Damien Hirst stares into his portrait of a skull. This is the new Damien Hirst — Hirst the solitary painter rather than Hirst the art world’s flamboyant marketing magician. He has painted these pictures with his own hands, rather than employed minions to produce work under his name, as he has done in the past.
But, he says, this is also the old Hirst. After all, as with most artists, he started out painting rather than conceptualising and mass-producing. “I gave up painting by 16,” he says. “I secretly thought I would have been Rembrandt by then.”
I give him a look. But Rembrandt was a genius? He shakes his head. “No, I don’t believe in genius. I believe in freedom. I think anyone can do it. Anyone can be like Rembrandt.”
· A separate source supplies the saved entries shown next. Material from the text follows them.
(* For any [G] and any [phi] with [k] points in its domain, expanding both
   composites shows that the terms which move one point out of the domain of
   [phi] and a new point in occur in both and cancel, leaving
     D_{k+1} D*_{k+1} G - D*_k D_k G = (n - k) |Y| G(phi) - resample G phi,
   where [resample G phi] sums [G] over all ways of resetting one value of
   [phi].  For a product of eigenfunctions on [A], resetting the coordinate
   [x] integrates the factor [F^x]: this gives [|Y|] times its value when
   [F^x] is constant and [0] otherwise, because harmonic functions of an
   irreducible chain are constant and a symmetric stochastic matrix preserves
   sums.  So [resample F = (a_0 - 1) |Y| F], and [ell a = k + 1 - a_0]. *)

Section PartialFunctions.
Variables (n : nat) (Y : finType).
Implicit Types (phi th : pfun n Y) (x : 'I_n).

Definition pfun_set phi x (v : option Y) : pfun n Y :=
  [ffun j => if j == x then v else phi j].

Lemma pfun_setE phi x v j : pfun_set phi x v j = if j == x then v else phi j.
Proof. by rewrite ffunE. Qed.

Lemma pdom_set_Some phi x y : pdom (pfun_set phi x (Some y)) = x |: pdom phi.
Proof. by apply/setP=> j; rewrite !inE pfun_setE; case: (j =P x). Qed.

Lemma pdom_set_Some_in phi x y :
  x \in pdom phi -> pdom (pfun_set phi x (Some y)) = pdom phi.
Proof. by move=> x_phi; rewrite pdom_set_Some; apply/setUidPr; rewrite sub1set. Qed.

Lemma pdom_set_None phi x : pdom (pfun_set phi x None) = pdom phi :\ x.
Proof. by apply/setP=> j; rewrite !inE pfun_setE; case: (j =P x). Qed.

Lemma pfun_set_set phi x v w : pfun_set (pfun_set phi x v) x w = pfun_set phi x w.
Proof. by apply/ffunP=> j; rewrite !pfun_setE; case: eqP. Qed.

Lemma pfun_setC phi x x' v w : x != x' ->
  pfun_set (pfun_set phi x v) x' w = pfun_set (pfun_set phi x' w) x v.
Proof.
move=> neq_xx'; apply/ffunP=> j; rewrite !pfun_setE.
by case: (j =P x) => [->|//]; rewrite (negbTE neq_xx').
Qed.

Lemma pfun_set_id phi x : x \notin pdom phi -> pfun_set phi x None = phi.
Proof.
rewrite inE negbK => /eqP phix.
by apply/ffunP=> j; rewrite pfun_setE; case: (j =P x) => [->|].
Qed.

Lemma psubP phi th : reflect (forall j, phi j != None -> phi j = th j) (psub phi th).
Proof.
apply: (iffP forallP) => [sub j phij|sub j]; last by apply/implyP=> /sub ->.
by apply/eqP; move: (sub j); rewrite phij.
Qed.

Lemma psub_pdom phi th : psub phi th -> pdom phi \subset pdom th.
Proof. by move/psubP=> sub; apply/subsetP=> j; rewrite !inE => /[dup] /sub ->. Qed.

Lemma psub_one_point phi th x :
  psub phi th -> pdom th :\: pdom phi = [set x] ->
  th = pfun_set phi x (th x).
Proof.
move=> /psubP sub dom_diff; apply/ffunP=> j; rewrite pfun_setE.
case: (j =P x) => [->//|/eqP neq_jx].
case phij: (phi j) => [z|]; first by rewrite -phij sub ?phij.
case thj: (th j) => [w|] //.
have : j \in pdom th :\: pdom phi by rewrite !inE phij thj.
by rewrite dom_diff inE (negbTE neq_jx).
Qed.

Lemma psub_succ_imset phi :
  [set th | (#|pdom th| == #|pdom phi|.+1) && psub phi th] =
  [set pfun_set phi p.1 (Some p.2) | p in [set p : 'I_n * Y | p.1 \notin pdom phi]].
Proof.
apply/setP=> th; rewrite inE; apply/andP/imsetP => [[/eqP card_th sub]|].
  have sub_dom := psub_pdom sub.
  have /cards1P[x dom_diff] : #|pdom th :\: pdom phi| == 1%N.
    by rewrite cardsD (setIidPr sub_dom) card_th subSnn.
  have : x \in pdom th :\: pdom phi by rewrite dom_diff set11.
  rewrite !inE => /andP[x_phi]; case thx: (th x) => [y|] // _.
  by exists (x, y); rewrite ?inE // -thx; apply: psub_one_point.
case=> -[x y]; rewrite inE /= => x_phi ->.
rewrite pdom_set_Some cardsU1 x_phi eqxx; split=> //.
apply/psubP=> j phij; rewrite pfun_setE; case: (j =P x) => // ejx.
by move: x_phi; rewrite inE -ejx phij.
Qed.

Lemma psub_pred_imset th :
  [set phi | (#|pdom phi|.+1 == #|pdom th|) && psub phi th] =
  [set pfun_set th x None | x in pdom th].
Proof.
apply/setP=> phi; rewrite inE; apply/andP/imsetP => [[/eqP card_phi sub]|].
  have sub_dom := psub_pdom sub.
  have /cards1P[x dom_diff] : #|pdom th :\: pdom phi| == 1%N.
    by rewrite cardsD (setIidPr sub_dom) -card_phi subSnn.
  have : x \in pdom th :\: pdom phi by rewrite dom_diff set11.
  rewrite inE => /andP[x_phi x_th]; exists x => //.
  apply/ffunP=> j; rewrite pfun_setE.
  case: (j =P x) => [->|/eqP neq_jx]; first by move: x_phi; rewrite inE negbK => /eqP.
  by rewrite [in RHS](psub_one_point sub dom_diff) pfun_setE (negbTE neq_jx).
case=> x x_th ->; rewrite pdom_set_None (cardsD1 x (pdom th)) x_th; split=> //.
by apply/psubP=> j; rewrite pfun_setE; case: (j =P x).
Qed.
Inductive code : Type :=
| cZero : code
| cSucc : code
| cId   : code
| cFst  : code
| cSnd  : code
| cOra  : code
| cComp : code -> code -> code       (* cComp f g = f o g *)
| cPair : code -> code -> code
| cRec  : code -> code -> code
| cMu   : code -> code.

(* Goedel numbering (injective); non-code numbers index the empty function. *)
Fixpoint encode (c : code) : nat :=
  match c with
  | cZero => pair 0 0
  | cSucc => pair 1 0
  | cId => pair 2 0
  | cFst => pair 3 0
  | cSnd => pair 4 0
  | cOra => pair 5 0
  | cComp f g => pair 6 (pair (encode f) (encode g))
  | cPair f g => pair 7 (pair (encode f) (encode g))
  | cRec f g => pair 8 (pair (encode f) (encode g))
  | cMu f => pair 9 (encode f)
  end.

Inductive eval (o : nat -> option nat) : code -> nat -> nat -> Prop :=
| eZero x : eval o cZero x 0
| eSucc x : eval o cSucc x (S x)
| eId x : eval o cId x x
| eFst x : eval o cFst x (fst (unpair x))
| eSnd x : eval o cSnd x (snd (unpair x))
| eOra x v : o x = Some v -> eval o cOra x v
| eComp f g x y z : eval o g x y -> eval o f y z -> eval o (cComp f g) x z
| ePair f g x a b : eval o f x a -> eval o g x b -> eval o (cPair f g) x (pair a b)
| eRec0 f g x a : eval o f x a -> eval o (cRec f g) (pair x 0) a
| eRecS f g x n r a : eval o (cRec f g) (pair x n) r ->
    eval o g (pair x (pair n r)) a -> eval o (cRec f g) (pair x (S n)) a
| eMu f x y : eval o f (pair x y) 0 ->
    (forall z, z < y -> exists v, v <> 0 /\ eval o f (pair x z) v) ->
    eval o (cMu f) x y.
(* Let $(\Gamma,g)$ be a vertex-weighted metric graph of genus $g(\Gamma)$, and let $F$ be a tropical meromorphic function on $\Gamma$ with $\operatorname{div}(F)+K_\Gamma\geq0$. Then for every $x\in\Gamma$ and every tangent direction $v$ at $x$, $|d_vF(x)|\leq2g(\Gamma)-1$. If $K_\Gamma$ is effective (i.e. $\Gamma$ has no genus-zero leaves), then $|d_vF(x)|\leq2g(\Gamma)-2$.
   Context: A vertex-weighted metric graph is a compact connected metric graph with finite vertex set and weights $g(x)\in\mathbb{Z}_{\geq0}$ on vertices; non-vertices have weight $0$ and valency $\deg(x)=2$. Genus: $g(\Gamma)=h_1(\Gamma)+\sum_xg(x)$. Canonical divisor: $K_\Gamma=\sum_x(2g(x)-2+\deg(x))(x)$. A genus-zero leaf is a vertex of weight $0$ and valency $1$. A tropical meromorphic function is a continuous piecewise affine function $\Gamma\to\mathbb{R}$ with integer slopes; $d_vF(x)$ is the slope of $F$ at $x$ in direction $v$, and $\operatorname{div}(F)=\sum_x\operatorname{ord}_x(F)(x)$ with $\operatorname{ord}_x(F)=-\sum_vd_vF(x)$, the sum over tangent directions at $x$. *)

From HB Require Import structures.
From mathcomp Require Import all_boot all_order all_algebra.
From mathcomp Require Import boolp classical_sets reals.
Set Implicit Arguments. Unset Strict Implicit. Unset Printing Implicit Defensive.
Import Order.TTheory GRing.Theory Num.Theory.
Local Open Scope ring_scope.

(* Edge e is identified with the segment [0, len e],
   0 corresponding to src e and len e to tgt e. *)
Record mgraph (R : realType) := MGraph {
  vert : finType;
  edge : finType;
  src : edge -> vert;
  tgt : edge -> vert;
  len : edge -> R;
  len_pos : forall e, 0 < len e;
  wt : vert -> nat }.

Section MetricGraph.
Variables (R : realType) (G : mgraph R).

Definition adj : rel (vert G) := fun u w =>
  [exists e, ((src e == u) && (tgt e == w)) || ((src e == w) && (tgt e == u))].
(* Suppose the cost functions $(c_t)_t$ of $\mathcal{L}$ are convex and $L$-Lipschitz (as below). Let $\tau,\beta>0$ and suppose $\mathcal{K}^{\mathrm{sim}}_\tau(\mathcal{L})$ is nonempty. Consider the execution of GPC-Simplex on $\mathcal{L}$ with input $(A,B,\tau,H,\mathcal{I},T)$. If its iterates $(p_t,M_t^{[1:H]})_{t\in[T]}$ satisfy $\|p_t-p_{t+1}\|_1\le\beta$ and $\max_{i\in[H]}\|M_t^{[i]}-M_{t+1}^{[i]}\|_{1\to1}\le\beta$, then for each $t\in[T]$ the loss function $\ell_t$ computed at step $t$ satisfies $$|\ell_t(p_t,M_t^{[1:H]})-c_t(x_t,u_t)|\le O\big(L\tau^3\beta\log^3(1/\beta)\big),$$ where $(x_t,u_t)$ are the actual state and control of the algorithm at time $t$.
   Context: Notation. $\Delta^d$ is the probability simplex; $\Delta^d_\alpha:=\alpha\Delta^d$. $\mathbb{S}^d$: $d\times d$ column-stochastic matrices; $\mathbb{S}^d_a:=\{aM:M\in\mathbb{S}^d\}$; $\mathbb{S}^d_{[a,b]}:=\bigcup_{a'\in[a,b]}\mathbb{S}^d_{a'}$. $\|M\|_{1\to1}:=\sup_{\|x\|_1=1}\|Mx\|_1$; $M_{\cdot,j}$ is the $j$-th column. $O(\cdot)$ hides a universal constant. Setting. $\mathcal{L}=(A,B,\mathcal{I},x_1,(\gamma_t),(w_t),(c_t))$ is a simplex LDS on $\Delta^d$: $A,B\in\mathbb{S}^d$, $\mathcal{I}=\bigcup_{\alpha\in[\alpha_{\mathrm{lb}},\alpha_{\mathrm{ub}}]}\Delta^d_\alpha$ with $0\le\alpha_{\mathrm{lb}}\le\alpha_{\mathrm{ub}}\le1$, $x_1\in\Delta^d$, $\gamma_t\in[0,1]$, $w_t\in\Delta^d$; given $x_t$, $u_t\in\mathcal{I}$: $x_{t+1}=(1-\gamma_t)[(1-\|u_t\|_1)Ax_t+Bu_t]+\gamma_tw_t$, cost $c_t(x_t,u_t)$. Costs: $c_t$ convex, $|c_t(x,u)-c_t(x',u')|\le L(\|x-x'\|_1+\|u-u'\|_1)$. Protocol: $A,B$ known; at step $t$ the controller observes $x_t$, plays $u_t$, observes $c_t$, then observes $x_{t+1}$ and $\gamma_t$. Mixing: for $X\in\mathbb{S}^d$ with unique stationary distribution $\pi$, $D_X(t):=\sup_{p\in\Delta^d}\|X^tp-\pi\|_1$, $t_{\mathrm{mix}}(X):=\min\{t:D_X(t)\le1/4\}$ ($\infty$ otherwise). $C(K):=(1-\|K\|_{1\to1})A+BK$. $\mathcal{K}^{\mathrm{sim}}_\tau(\mathcal{L})$: policies $x\mapsto Kx$ with $K\in\mathbb{S}^d_{[\alpha_{\mathrm{lb}},\alpha_{\mathrm{ub}}]}$, $t_{\mathrm{mix}}(C(K))\le\tau$. Algorithm GPC-Simplex, input $(A,B,\tau,H,\mathcal{I},T)$: $\tau_A:=t_{\mathrm{mix}}(A)$, $a_0:=\max\{\alpha_{\mathrm{lb}},\min\{\alpha_{\mathrm{ub}},\mathbf{1}\{\tau_A>4\tau\}/(96\tau)\}\}$, $\mathcal{X}:=\bigcup_{a\in[a_0,\alpha_{\mathrm{ub}}]}\Delta^d_a\times(\mathbb{S}^d_a)^H$. For $v\in\Delta^d_{\le1}$, $v^c:=1-\sum_jv_j$, $\mathrm{Ent}(v):=v^c\ln\frac1{v^c}+\sum_jv_j\ln\frac1{v_j}$, $R(p,M^{[1:H]}):=-\mathrm{Ent}(p)-\sum_{h,j}\mathrm{Ent}(M^{[h]}_{\cdot,j})$. Conventions $w_0:=x_1$, $\gamma_0:=1$, $w_t:=0$ for $t<0$; $\lambda_{t,i}:=\gamma_{t-i}\prod_{j=1}^{i-1}(1-\gamma_{t-j})$ ($i\ge1$), $\lambda_{t,0}:=1-\sum_{i=1}^H\lambda_{t,i}$. Step size $\eta:=c\sqrt{dH\ln d}/(L\tau^2\log^2(T)\sqrt T)$ for a sufficiently small constant $c$. Initialize $(p_1,M_1^{[1:H]}):=\arg\min_{\mathcal{X}}R$. For $t=1,\dots,T$: play $u_t:=\lambda_{t,0}p_t+\sum_{i=1}^H\lambda_{t,i}M_t^{[i]}w_{t-i}$; receive $c_t$; observe $x_{t+1},\gamma_t$, set $w_t:=\gamma_t^{-1}(x_{t+1}-(1-\gamma_t)[(1-\|u_t\|_1)Ax_t+Bu_t])$ ($w_t:=0$ if $\gamma_t=0$); define $\ell_t(p,M^{[1:H]}):=c_t(x_t(p,M^{[1:H]}),u_t(p,M^{[1:H]}))$ where $x_1(p,M^{[1:H]}):=x_1$ and for $s\ge1$: $u_s(p,M^{[1:H]}):=\lambda_{s,0}p+\sum_{j=1}^H\lambda_{s,j}M^{[j]}w_{s-j}$, $x_{s+1}(p,M^{[1:H]}):=(1-\gamma_s)[(1-\|u_s(p,M^{[1:H]})\|_1)Ax_s(p,M^{[1:H]})+Bu_s(p,M^{[1:H]})]+\gamma_sw_s$; update $(p_{t+1},M_{t+1}^{[1:H]}):=\arg\min_{z\in\mathcal{X}}\sum_{s=1}^t\langle z,\nabla\ell_s(p_s,M_s^{[1:H]})\rangle+\frac1\eta R(z)$. *)

From HB Require Import structures.
From mathcomp Require Import all_boot all_order all_algebra.
From mathcomp Require Import all_classical all_reals all_analysis.
Set Implicit Arguments. Unset Strict Implicit. Unset Printing Implicit Defensive.
Import Order.TTheory GRing.Theory Num.Theory.
Local Open Scope classical_set_scope.
Local Open Scope ring_scope.

Section SimplexLDS.
Context {R : realType} {d : nat}.
Local Notation vec := 'cV[R]_d.
Local Notation mat := 'M[R]_d.

Definition norm1 (v : vec) : R := \sum_i `|v i 0|.

Definition in_simplex (v : vec) : Prop :=
  (forall i, 0 <= v i 0) /\ \sum_i v i 0 = 1.
Definition simplex_a (a : R) (v : vec) : Prop :=
  exists v0, in_simplex v0 /\ v = a *: v0.

Definition col_stoch (M : mat) : Prop :=
  (forall i j, 0 <= M i j) /\ (forall j, \sum_i M i j = 1).
Definition stoch_a (a : R) (M : mat) : Prop :=
  exists M0, col_stoch M0 /\ M = a *: M0.
Definition stoch_in (a b : R) (M : mat) : Prop :=
  exists a', a <= a' <= b /\ stoch_a a' M.

Definition opnorm11 (M : mat) : R :=
  sup ((fun x : vec => norm1 (M *m x)) @` [set x : vec | norm1 x = 1]).

Definition uniq_stat (X : mat) (pi : vec) : Prop :=
  in_simplex pi /\ X *m pi = pi /\
  (forall pi', in_simplex pi' -> X *m pi' = pi' -> pi' = pi).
Hirst is a master of the potty soundbite. I wait for a smile or wink, but it doesn’t come. Instead, he gets into his philosophical stride. “Picasso, Michelangelo, possibly, might be verging on genius, but I don’t think a painter like Rembrandt is a genius. It’s about freedom and guts. It’s about looking. It can be learned. That’s the great thing about art. Anybody can do it if you just believe. With practice, you can make great paintings.”
How far away does Hirst think he is from producing a Rembrandt? “A long way. But then again, there’s no need for that sort of thing today.” He has a touch of the used-car salesman about him — the chutzpah, the patter, the self-belief.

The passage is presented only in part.